***** DATASET
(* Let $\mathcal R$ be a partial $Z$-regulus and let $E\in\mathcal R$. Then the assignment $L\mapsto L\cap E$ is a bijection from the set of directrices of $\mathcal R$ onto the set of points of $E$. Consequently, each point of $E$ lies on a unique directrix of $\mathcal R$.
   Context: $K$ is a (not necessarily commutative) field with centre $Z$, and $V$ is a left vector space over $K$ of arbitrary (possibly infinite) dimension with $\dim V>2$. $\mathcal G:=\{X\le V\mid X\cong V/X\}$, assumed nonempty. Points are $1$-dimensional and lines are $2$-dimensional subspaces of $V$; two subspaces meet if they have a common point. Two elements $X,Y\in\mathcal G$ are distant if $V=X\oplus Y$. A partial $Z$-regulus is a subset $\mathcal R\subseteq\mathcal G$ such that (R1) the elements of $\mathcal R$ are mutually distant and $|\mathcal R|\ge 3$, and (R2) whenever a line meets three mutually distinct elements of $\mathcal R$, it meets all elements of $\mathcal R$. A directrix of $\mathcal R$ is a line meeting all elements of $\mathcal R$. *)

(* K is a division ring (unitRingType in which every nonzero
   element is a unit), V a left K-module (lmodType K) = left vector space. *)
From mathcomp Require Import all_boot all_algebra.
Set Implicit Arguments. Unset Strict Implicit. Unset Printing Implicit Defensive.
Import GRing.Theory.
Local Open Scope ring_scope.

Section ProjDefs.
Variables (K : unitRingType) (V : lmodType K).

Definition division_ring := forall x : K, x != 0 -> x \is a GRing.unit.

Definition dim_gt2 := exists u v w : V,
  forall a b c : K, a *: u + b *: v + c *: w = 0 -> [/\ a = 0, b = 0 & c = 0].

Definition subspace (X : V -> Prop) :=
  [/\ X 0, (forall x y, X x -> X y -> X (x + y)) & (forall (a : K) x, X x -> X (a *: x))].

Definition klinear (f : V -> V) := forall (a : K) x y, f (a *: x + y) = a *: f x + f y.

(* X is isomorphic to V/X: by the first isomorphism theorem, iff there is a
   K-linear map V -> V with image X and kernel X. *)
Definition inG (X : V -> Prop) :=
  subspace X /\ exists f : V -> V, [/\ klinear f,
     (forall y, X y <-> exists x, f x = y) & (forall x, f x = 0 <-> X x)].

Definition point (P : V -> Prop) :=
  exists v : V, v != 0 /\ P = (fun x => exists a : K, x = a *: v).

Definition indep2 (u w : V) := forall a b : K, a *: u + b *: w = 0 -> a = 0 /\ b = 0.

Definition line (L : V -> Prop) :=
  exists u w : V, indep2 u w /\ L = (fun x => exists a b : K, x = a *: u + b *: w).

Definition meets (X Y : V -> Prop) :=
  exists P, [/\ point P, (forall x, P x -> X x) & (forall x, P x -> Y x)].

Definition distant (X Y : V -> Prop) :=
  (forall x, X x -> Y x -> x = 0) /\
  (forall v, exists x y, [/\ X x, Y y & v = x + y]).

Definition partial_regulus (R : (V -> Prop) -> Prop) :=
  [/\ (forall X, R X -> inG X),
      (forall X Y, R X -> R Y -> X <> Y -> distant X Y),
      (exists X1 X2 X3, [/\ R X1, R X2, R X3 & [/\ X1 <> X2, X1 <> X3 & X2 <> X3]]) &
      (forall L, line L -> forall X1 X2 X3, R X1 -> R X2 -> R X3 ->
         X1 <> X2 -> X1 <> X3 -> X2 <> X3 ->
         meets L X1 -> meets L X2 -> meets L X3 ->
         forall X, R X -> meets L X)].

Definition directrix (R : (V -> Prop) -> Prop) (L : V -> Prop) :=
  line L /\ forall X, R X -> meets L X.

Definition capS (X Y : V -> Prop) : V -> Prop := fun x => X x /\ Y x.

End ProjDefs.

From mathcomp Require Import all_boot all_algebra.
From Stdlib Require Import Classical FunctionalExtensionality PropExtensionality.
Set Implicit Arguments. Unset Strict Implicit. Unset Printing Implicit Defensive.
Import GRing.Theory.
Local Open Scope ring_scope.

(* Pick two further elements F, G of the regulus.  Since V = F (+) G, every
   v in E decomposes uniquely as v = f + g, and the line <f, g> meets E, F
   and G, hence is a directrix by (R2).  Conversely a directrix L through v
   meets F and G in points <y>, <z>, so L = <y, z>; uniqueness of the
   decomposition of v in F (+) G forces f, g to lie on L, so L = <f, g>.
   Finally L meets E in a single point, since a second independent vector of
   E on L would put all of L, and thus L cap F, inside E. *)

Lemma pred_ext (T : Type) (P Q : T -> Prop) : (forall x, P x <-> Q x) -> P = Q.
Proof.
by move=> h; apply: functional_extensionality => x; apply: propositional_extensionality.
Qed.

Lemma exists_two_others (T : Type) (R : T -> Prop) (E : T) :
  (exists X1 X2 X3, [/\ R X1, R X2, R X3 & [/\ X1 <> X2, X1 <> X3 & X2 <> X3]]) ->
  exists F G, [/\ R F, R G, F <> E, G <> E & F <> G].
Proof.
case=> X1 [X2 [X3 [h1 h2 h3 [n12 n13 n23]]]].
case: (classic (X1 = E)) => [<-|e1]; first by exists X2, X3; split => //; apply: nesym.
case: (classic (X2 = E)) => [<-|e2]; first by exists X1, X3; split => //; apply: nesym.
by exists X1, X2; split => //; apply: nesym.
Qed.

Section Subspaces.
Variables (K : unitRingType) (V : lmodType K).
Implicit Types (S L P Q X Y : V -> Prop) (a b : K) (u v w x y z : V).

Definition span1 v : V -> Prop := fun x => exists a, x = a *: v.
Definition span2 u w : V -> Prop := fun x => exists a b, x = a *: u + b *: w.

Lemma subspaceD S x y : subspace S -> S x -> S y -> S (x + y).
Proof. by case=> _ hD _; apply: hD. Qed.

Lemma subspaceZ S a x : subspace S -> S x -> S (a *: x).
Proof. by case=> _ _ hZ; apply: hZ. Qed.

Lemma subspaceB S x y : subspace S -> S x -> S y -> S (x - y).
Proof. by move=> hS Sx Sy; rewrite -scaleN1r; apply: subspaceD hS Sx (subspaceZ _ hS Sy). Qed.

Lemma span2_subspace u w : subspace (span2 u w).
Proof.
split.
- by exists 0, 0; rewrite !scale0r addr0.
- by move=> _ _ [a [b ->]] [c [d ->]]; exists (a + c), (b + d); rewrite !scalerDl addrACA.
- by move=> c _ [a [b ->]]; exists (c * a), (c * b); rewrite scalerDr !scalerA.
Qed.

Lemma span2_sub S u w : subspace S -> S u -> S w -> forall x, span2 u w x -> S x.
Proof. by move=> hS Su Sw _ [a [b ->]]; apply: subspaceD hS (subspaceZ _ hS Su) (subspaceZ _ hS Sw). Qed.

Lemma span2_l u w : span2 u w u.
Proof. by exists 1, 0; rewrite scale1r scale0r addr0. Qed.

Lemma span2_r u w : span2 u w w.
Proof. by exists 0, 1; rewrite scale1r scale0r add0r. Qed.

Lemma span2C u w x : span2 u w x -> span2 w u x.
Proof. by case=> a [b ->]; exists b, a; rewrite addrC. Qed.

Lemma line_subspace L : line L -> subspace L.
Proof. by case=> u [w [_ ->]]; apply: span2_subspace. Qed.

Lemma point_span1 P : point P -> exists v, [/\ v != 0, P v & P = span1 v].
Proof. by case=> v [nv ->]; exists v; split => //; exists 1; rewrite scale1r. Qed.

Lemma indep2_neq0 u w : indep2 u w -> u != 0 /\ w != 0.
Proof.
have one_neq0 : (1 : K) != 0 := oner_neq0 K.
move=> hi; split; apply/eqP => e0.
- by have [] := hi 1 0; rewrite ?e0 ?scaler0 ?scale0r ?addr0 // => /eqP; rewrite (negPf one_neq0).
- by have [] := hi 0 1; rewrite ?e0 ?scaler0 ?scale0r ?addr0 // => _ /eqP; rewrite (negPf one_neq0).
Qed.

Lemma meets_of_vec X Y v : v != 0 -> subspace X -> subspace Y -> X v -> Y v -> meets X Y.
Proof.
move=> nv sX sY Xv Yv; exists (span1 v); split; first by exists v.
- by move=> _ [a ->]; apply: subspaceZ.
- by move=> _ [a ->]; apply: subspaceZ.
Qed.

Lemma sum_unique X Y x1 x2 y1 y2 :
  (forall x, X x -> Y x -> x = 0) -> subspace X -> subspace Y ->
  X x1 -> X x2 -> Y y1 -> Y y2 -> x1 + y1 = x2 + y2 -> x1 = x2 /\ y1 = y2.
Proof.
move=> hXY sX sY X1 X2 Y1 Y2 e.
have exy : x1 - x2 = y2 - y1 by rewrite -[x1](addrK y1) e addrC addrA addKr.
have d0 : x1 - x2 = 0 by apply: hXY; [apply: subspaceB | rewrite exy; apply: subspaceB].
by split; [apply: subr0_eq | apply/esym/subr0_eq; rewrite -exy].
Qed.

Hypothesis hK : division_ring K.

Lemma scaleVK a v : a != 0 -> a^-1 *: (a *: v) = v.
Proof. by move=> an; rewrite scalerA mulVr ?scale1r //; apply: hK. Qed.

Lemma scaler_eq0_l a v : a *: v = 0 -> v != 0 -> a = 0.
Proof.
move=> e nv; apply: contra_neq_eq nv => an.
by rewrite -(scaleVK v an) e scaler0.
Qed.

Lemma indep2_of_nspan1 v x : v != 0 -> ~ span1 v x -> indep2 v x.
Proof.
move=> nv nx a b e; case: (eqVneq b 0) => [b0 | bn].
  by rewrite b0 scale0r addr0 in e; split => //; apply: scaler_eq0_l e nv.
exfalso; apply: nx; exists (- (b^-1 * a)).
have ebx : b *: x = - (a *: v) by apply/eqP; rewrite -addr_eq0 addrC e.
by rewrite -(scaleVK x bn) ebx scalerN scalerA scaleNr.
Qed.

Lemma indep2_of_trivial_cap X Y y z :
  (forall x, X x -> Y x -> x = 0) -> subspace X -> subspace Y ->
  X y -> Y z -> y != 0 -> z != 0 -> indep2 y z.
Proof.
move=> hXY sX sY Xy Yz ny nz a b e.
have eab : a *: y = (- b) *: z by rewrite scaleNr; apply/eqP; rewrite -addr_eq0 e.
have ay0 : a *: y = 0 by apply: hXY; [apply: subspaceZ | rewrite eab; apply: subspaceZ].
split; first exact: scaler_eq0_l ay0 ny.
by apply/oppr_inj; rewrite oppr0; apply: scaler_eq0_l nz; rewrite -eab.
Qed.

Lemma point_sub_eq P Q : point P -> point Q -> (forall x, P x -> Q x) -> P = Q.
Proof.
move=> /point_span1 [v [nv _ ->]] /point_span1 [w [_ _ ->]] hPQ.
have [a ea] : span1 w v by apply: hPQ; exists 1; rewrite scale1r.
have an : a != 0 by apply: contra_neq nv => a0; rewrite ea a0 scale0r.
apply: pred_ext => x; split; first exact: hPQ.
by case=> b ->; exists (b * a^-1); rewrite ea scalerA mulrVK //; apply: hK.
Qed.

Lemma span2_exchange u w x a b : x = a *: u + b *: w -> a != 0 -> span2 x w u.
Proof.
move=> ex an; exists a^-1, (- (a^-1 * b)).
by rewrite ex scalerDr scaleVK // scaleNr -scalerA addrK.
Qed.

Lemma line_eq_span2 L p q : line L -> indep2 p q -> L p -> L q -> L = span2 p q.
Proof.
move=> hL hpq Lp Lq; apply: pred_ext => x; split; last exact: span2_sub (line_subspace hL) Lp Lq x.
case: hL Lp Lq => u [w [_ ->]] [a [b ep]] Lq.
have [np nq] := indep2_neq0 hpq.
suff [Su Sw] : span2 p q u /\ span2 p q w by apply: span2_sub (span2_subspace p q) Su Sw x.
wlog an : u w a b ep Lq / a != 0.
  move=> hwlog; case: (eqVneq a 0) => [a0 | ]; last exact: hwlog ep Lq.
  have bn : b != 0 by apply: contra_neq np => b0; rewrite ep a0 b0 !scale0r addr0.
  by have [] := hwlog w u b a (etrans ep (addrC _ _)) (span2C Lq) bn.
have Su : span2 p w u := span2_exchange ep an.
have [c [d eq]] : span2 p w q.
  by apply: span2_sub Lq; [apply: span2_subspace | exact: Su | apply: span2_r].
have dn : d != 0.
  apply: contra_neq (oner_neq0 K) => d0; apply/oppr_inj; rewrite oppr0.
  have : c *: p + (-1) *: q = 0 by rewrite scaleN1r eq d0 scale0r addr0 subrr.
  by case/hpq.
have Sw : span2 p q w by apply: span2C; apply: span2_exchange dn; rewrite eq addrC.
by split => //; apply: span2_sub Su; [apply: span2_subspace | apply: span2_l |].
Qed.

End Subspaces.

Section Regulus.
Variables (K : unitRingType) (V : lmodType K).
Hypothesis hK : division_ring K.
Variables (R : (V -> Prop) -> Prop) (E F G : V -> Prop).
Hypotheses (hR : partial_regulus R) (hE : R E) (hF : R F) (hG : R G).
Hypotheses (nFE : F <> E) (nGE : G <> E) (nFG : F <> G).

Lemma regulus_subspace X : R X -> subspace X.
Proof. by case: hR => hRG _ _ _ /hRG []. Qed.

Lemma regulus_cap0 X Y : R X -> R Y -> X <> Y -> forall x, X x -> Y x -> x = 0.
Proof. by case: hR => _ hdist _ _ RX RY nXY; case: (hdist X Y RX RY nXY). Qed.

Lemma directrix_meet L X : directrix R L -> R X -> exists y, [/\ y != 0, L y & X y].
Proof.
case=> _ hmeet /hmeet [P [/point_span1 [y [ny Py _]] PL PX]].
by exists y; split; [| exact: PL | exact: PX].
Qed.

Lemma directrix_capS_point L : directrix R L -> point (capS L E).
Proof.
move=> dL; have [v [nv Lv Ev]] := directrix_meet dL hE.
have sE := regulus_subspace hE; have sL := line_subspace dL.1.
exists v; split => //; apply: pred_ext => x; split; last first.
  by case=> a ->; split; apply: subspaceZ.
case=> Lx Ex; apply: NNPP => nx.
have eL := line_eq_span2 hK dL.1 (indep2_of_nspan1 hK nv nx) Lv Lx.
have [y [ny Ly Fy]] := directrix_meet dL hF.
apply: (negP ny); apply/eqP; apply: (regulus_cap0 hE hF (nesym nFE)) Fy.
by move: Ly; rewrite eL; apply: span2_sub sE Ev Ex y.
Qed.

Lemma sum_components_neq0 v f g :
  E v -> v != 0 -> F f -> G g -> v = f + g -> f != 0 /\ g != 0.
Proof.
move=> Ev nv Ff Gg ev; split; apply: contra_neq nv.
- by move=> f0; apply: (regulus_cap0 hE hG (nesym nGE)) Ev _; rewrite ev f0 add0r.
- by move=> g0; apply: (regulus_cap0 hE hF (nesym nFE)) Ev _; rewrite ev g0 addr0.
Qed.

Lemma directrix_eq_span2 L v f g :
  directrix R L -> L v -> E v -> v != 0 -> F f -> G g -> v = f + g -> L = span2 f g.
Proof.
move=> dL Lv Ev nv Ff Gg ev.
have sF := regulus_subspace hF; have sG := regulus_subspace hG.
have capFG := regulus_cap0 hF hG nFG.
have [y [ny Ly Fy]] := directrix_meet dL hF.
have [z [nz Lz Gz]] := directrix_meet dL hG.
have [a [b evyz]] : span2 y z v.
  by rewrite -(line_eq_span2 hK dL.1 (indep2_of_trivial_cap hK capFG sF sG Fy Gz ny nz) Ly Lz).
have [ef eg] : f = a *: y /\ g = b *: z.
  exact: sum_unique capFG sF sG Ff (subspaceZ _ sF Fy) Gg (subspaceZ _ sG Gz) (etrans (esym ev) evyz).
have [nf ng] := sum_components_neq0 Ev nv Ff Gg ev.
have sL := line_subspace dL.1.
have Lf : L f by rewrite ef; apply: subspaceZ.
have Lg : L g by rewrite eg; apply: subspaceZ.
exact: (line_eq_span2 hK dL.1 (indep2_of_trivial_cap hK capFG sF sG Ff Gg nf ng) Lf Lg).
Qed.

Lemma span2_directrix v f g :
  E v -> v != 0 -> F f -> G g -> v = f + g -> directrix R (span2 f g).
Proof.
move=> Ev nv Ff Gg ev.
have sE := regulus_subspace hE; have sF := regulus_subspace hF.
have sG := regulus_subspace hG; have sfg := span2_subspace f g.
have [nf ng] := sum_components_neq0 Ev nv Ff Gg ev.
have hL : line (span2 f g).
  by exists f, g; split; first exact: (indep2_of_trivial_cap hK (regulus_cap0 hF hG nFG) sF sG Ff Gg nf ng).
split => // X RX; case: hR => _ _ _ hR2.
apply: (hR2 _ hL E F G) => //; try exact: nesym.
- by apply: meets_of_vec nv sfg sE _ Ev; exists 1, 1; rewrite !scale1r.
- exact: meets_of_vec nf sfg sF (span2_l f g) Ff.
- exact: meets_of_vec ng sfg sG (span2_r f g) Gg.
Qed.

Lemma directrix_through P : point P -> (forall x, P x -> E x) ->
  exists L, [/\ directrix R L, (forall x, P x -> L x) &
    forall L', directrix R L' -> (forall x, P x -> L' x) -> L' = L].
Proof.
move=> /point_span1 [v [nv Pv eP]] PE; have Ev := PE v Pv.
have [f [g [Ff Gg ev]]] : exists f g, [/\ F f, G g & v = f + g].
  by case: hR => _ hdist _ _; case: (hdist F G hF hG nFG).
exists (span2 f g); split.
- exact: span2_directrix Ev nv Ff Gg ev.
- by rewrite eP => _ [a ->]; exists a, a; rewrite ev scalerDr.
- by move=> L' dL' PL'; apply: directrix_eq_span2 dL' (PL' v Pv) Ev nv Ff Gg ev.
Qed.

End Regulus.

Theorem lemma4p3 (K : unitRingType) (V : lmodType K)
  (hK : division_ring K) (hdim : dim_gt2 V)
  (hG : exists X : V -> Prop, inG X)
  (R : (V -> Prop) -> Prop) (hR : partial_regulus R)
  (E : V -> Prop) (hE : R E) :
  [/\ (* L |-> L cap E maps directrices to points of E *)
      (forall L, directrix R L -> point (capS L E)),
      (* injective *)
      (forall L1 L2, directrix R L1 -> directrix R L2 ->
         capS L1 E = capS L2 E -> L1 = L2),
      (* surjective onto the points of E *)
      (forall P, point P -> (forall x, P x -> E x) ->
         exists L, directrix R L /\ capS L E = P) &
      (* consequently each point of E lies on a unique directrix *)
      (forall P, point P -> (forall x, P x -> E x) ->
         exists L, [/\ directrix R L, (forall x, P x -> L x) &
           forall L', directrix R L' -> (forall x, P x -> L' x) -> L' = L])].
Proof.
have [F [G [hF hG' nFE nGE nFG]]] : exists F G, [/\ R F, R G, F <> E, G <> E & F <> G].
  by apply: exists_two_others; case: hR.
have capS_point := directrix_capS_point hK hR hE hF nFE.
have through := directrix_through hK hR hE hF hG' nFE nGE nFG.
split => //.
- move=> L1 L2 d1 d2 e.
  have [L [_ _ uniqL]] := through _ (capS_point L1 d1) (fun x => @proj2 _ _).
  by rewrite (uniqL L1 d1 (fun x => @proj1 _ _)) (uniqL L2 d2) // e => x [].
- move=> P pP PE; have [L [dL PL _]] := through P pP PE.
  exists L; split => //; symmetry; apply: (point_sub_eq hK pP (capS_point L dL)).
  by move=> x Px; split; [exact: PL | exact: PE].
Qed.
**********
* _YOUR GOAL_
Word for word, restate the lines of the data above that fall between the line holding "x -> L' x) -> L' = L])]." and the line holding "exists L; split", inclusive, and no other lines.

* _SOLUTION_
           forall L', directrix R L' -> (forall x, P x -> L' x) -> L' = L])].
Proof.
have [F [G [hF hG' nFE nGE nFG]]] : exists F G, [/\ R F, R G, F <> E, G <> E & F <> G].
  by apply: exists_two_others; case: hR.
have capS_point := directrix_capS_point hK hR hE hF nFE.
have through := directrix_through hK hR hE hF hG' nFE nGE nFG.
split => //.
- move=> L1 L2 d1 d2 e.
  have [L [_ _ uniqL]] := through _ (capS_point L1 d1) (fun x => @proj2 _ _).
  by rewrite (uniqL L1 d1 (fun x => @proj1 _ _)) (uniqL L2 d2) // e => x [].
- move=> P pP PE; have [L [dL PL _]] := through P pP PE.
  exists L; split => //; symmetry; apply: (point_sub_eq hK pP (capS_point L dL)).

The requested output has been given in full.